API Integration Types
Up until now, in this review, we are just talking about designing APIs, and possibly mapping our data models together. There are many other ways you can gateway existing systems, databases, and other resources using Amazon API Gateway, but the one that seems to be getting the lions share of the discussion, is deploying APIs with Lambda functions as the back-end.

API Integration Using Lambda Functions
Lambda functions give you the ability to create, store, and manage Node.js and Java code snippets, and wire up these resources using the Amazon API Gateway. When you create your first Lambda function, you are given a small selection of blueprints, like a microservice, or db connection, which also allows you to edit your code inline, upload a .zip file, and pull a .zip file from Amazon S3 (where is the Github love).

Identity & Access Management (IAM)
The Amazon API Gateway gives you some pretty simple ways to secure your APIs using API keys, but then also gives you the whole AWS IAM platform, and resources to put to leverage as well. I think most of the IAM will be more than many API providers will need, but for those that need this, I can see this part of their gateway solution sealing the deal.

Scaling Lambda Functions Behind
Being scalable is one of the promises of a Lambda backed API deployed using Amazon API Gateway, which I can see being pretty alluring for devops focused teams. You can allocate each Lambda function to posses the memory it needs, and individually monitor and scale as needed. While I see the recent containerization movement taking care of 50% of the API back-end needs, I can also see that being able to quickly scale individual functions as you need using the cloud, taking care of the other 50%.
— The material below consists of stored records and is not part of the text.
Lemma energy_inequality (al be t : R) : 0 <= al -> 0 < t ->
  dint L B (fun x y => energy_density_t al be x y t)
  <= be * dint L B (fun x y => dissipation_density x y t).
Proof.
  intros Hal Ht.
  rewrite (dint_ext L B HL HB _ (fun x y => be * dissipation_density x y t +
     (-2) * (1 * flux_x_dx al be x y t + 1 * flux_y_dy al be x y t))).
  2:{ intros x y Hx Hy. pose proof (Heq x y t Hx Hy Ht) as E.
      unfold energy_density_t, flux_x_dx, flux_y_dy, dissipation_density.
      replace (ut x y t) with (- (ux x y t + (u x y t) ^ 2 * ux x y t + uxxx x y t + uxyy x y t))
        by lra.
      field. }
  pose proof (cont3_freeze _ t (flux_x_dx_cont al be)) as Cx.
  pose proof (cont3_freeze _ t (flux_y_dy_cont al be)) as Cy.
  rewrite dint_lin; [| apply cont3_freeze, dissipation_density_cont | cont_tac].
  rewrite dint_lin by assumption.
  rewrite int_flux_y_dy by lra. pose proof (int_flux_x_dx_nonneg al be t Hal ltac:(lra)). lra.
Qed.

Lemma energy_deriv (al be t : R) :
  is_derive (energy al be) t (dint L B (fun x y => energy_density_t al be x y t)).
Proof.
  apply (dint_deriv_t L B (energy_density al be) (energy_density_t al be)).
  - unfold energy_density. cont_tac.
  - unfold energy_density_t. cont_tac.
  - intros x y s. apply is_derive_Reals.
    assert (H1 : forall s, is_derive (fun z => u x y z) s (ut x y s)) by (intros; apply is_derive_Reals, Hdt).
    unfold energy_density. eapply is_derive_eq.
    + derive_tac ltac:(idtac; lazymatch goal with
        | |- is_derive (fun s => u _ _ s) _ _ => apply H1
        | |- is_derive (u _ _) _ _ => apply H1 end).
    + unfold energy_density_t. ring.
Qed.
Events For Lambda Functions
Another powerful aspects of a Lambda function, is you can engineer them to response to events. Using the interface, command line, or API, you can define one or many event sources for each Lambda function. Amazon provides some pretty interesting sources for triggering each Lambda function.
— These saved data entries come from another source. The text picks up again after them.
(* exp(c_lam(u,v)) as a function of t = <u,v>, with the convention that it
   vanishes outside the support {1 + lam t > 0} (lam <> 0). *)
Definition expc (lam t : R) : R :=
  if lam == 0 then expR t
  else if 0 < 1 + lam * t then (1 + lam * t) `^ lam^-1 else 0.

Definition elog (z : \bar R) : \bar R :=
  match z with
  | EFin r => if (0 < r)%R then EFin (ln r) else -oo%E
  | +oo%E => +oo%E
  | -oo%E => -oo%E
  end.

Variables (T : X -> 'rV[R]_n) (lam : R).

Definition phi (th : 'rV[R]_n) : \bar R :=
  elog (\int[m]_x (expc lam (dotv th (T x)))%:E)%E.

Definition dom_phi (th : 'rV[R]_n) : Prop := (phi th < +oo)%E.

Definition qfam (th : 'rV[R]_n) (x : X) : R :=
  expc lam (dotv th (T x)) * expR (- fine (phi th)).

Definition supp (th : 'rV[R]_n) : set X :=
  [set x | 0 < 1 + lam * dotv th (T x)].

Definition restr (p : X -> R) (Y : set X) (x : X) : R := \1_Y x * p x.

Definition is_density (p : X -> R) : Prop :=
  measurable_fun setT p /\ (forall x, 0 <= p x) /\
  (\int[m]_x (p x)%:E = 1)%E.

Variable alpha : R.

Definition compatible (p : X -> R) (th : 'rV[R]_n) : Prop :=
  let pS := restr p (supp th) in
  (0 < \int[m]_x ((pS x) `^ alpha)%:E < +oo)%E /\
  (forall i : 'I_n, m.-integrable setT (fun x => (T x 0 i * (pS x) `^ alpha)%:E)).

Definition Qcompatible (p : X -> R) : Prop :=
  forall th, dom_phi th -> compatible p th.

Definition AssumptionA : Prop :=
  0 < alpha /\ (forall th, phi th != -oo%E) /\ (exists th, dom_phi th).

Definition AssumptionB (S : set X) : Prop :=
  S !=set0 /\ (forall th, dom_phi th -> supp th = S) /\
  (forall th, dom_phi th -> Qcompatible (qfam th)).

Definition escort_mean (p : X -> R) : 'rV[R]_n :=
  \row_i (Rintegral m setT (fun x => T x 0 i * (p x) `^ alpha) /
          Rintegral m setT (fun x => (p x) `^ alpha)).

End LambdaExp.

Section Renyi.
Variables (R : realType) (d : measure_display) (X : measurableType d).
Variable (m : {measure set X -> \bar R}).

(* p1^alpha p2^(1-alpha), with 0 when p1 = 0, and the value of the limit
   (0 if alpha < 1, +oo if alpha > 1) when p1 > 0 = p2 *)
Definition rd_integrand (alpha : R) (p1 p2 : X -> R) (x : X) : \bar R :=
  if p1 x == 0 then 0%E
  else if p2 x == 0 then (if alpha < 1 then 0%E else +oo%E)
  else ((p1 x) `^ alpha * (p2 x) `^ (1 - alpha))%:E.

Definition kl_integrand (p1 p2 : X -> R) (x : X) : \bar R :=
  if p1 x == 0 then 0%E
  else if p2 x == 0 then +oo%E
  else (p1 x * ln (p1 x / p2 x))%:E.

Definition KL (p1 p2 : X -> R) : \bar R := (\int[m]_x kl_integrand p1 p2 x)%E.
Those six event sources provide some pretty potent event sources for triggering specific functions in your vast Lambda code library.  You can rely on running code stored as Lambda functions using the API you deploy using Amazon API Gateway and / or you can have your code run in response to a variety of these events you define.

Beyond Lambda
When it comes to defining a back-end for the APIs you deploy using Amazon API Gateway, Lambda is just the beginning. Amazon provides three other really interesting ways to power APIs. I see a lot of potential in managing code using Lambda, and using it to scale the back-end of many APIs pretty quickly, but these areas provide some pretty interesting potential as well.

HTTP Proxy
A quick way to put Amazon API Gateway to use is as a proxy for an existing API. When you think about the potential in this area, when put mapping templates to work, transforming the methods, resources, and models. I haven't mapped it to any existing APIs yet, but will make sure and do so soon, to better understand the HTTP proxy potential.

Mock Integration
Another way to quickly deploy an API is mock your integration, providing a quick API that can be used to hack on, making sure an API will meet developer's needs. You may even want to mock an existing public API, rather than use a live resoure as you are developing an application. There are many uses for mock integration. 

AWS Service Proxy
The final way Amazon gives provides for you to power your API(s), is by proxying an existing AWS service. This opens up the entire AWS cloud stack for exposing as API resources, using the Amazon API Gateway. This reminds me of other existing API gateway solutions, except instead of your on-premise, legacy infrastructure, this is your in the cloud, more recent infrastructure. I'm guessing this will incentivize many companies to migrate their legacy infrastructure into the cloud, or at least make it cloud friendly, so you can put the AWS service proxy to use--lots of possibilities here.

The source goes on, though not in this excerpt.